• **PROBLEM DESCRIPTION**
Your answer must be the records below, printed exactly.
====== DATA PROVIDED ======
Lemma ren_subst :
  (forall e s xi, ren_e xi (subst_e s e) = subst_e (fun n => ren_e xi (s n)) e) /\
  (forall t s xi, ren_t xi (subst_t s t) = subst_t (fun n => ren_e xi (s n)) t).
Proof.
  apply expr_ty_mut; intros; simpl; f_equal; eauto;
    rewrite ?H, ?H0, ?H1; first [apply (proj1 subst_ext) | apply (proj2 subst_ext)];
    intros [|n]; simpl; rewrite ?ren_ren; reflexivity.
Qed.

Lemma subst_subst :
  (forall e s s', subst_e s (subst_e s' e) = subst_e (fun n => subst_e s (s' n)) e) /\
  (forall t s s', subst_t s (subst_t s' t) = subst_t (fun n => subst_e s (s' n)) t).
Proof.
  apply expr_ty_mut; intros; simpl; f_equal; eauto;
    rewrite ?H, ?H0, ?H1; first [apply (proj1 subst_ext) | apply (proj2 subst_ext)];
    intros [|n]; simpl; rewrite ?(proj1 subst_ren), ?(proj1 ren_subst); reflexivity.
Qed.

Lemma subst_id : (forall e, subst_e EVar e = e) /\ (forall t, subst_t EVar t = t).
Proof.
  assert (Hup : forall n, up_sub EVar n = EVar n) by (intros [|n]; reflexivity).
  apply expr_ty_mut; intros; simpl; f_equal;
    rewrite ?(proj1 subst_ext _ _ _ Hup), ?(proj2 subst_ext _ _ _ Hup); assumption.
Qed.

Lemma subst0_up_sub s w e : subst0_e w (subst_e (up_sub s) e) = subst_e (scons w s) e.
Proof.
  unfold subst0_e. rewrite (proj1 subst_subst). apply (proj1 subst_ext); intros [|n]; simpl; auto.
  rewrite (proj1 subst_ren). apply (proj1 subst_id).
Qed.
======
• **SOLUTION BELOW**
Lemma ren_subst :
  (forall e s xi, ren_e xi (subst_e s e) = subst_e (fun n => ren_e xi (s n)) e) /\
  (forall t s xi, ren_t xi (subst_t s t) = subst_t (fun n => ren_e xi (s n)) t).
Proof.
  apply expr_ty_mut; intros; simpl; f_equal; eauto;
    rewrite ?H, ?H0, ?H1; first [apply (proj1 subst_ext) | apply (proj2 subst_ext)];
    intros [|n]; simpl; rewrite ?ren_ren; reflexivity.
Qed.

Lemma subst_subst :
  (forall e s s', subst_e s (subst_e s' e) = subst_e (fun n => subst_e s (s' n)) e) /\
  (forall t s s', subst_t s (subst_t s' t) = subst_t (fun n => subst_e s (s' n)) t).
Proof.
  apply expr_ty_mut; intros; simpl; f_equal; eauto;
    rewrite ?H, ?H0, ?H1; first [apply (proj1 subst_ext) | apply (proj2 subst_ext)];
    intros [|n]; simpl; rewrite ?(proj1 subst_ren), ?(proj1 ren_subst); reflexivity.
Qed.

Lemma subst_id : (forall e, subst_e EVar e = e) /\ (forall t, subst_t EVar t = t).
Proof.
  assert (Hup : forall n, up_sub EVar n = EVar n) by (intros [|n]; reflexivity).
  apply expr_ty_mut; intros; simpl; f_equal;
    rewrite ?(proj1 subst_ext _ _ _ Hup), ?(proj2 subst_ext _ _ _ Hup); assumption.
Qed.

Lemma subst0_up_sub s w e : subst0_e w (subst_e (up_sub s) e) = subst_e (scons w s) e.
Proof.
  unfold subst0_e. rewrite (proj1 subst_subst). apply (proj1 subst_ext); intros [|n]; simpl; auto.
  rewrite (proj1 subst_ren). apply (proj1 subst_id).
Qed.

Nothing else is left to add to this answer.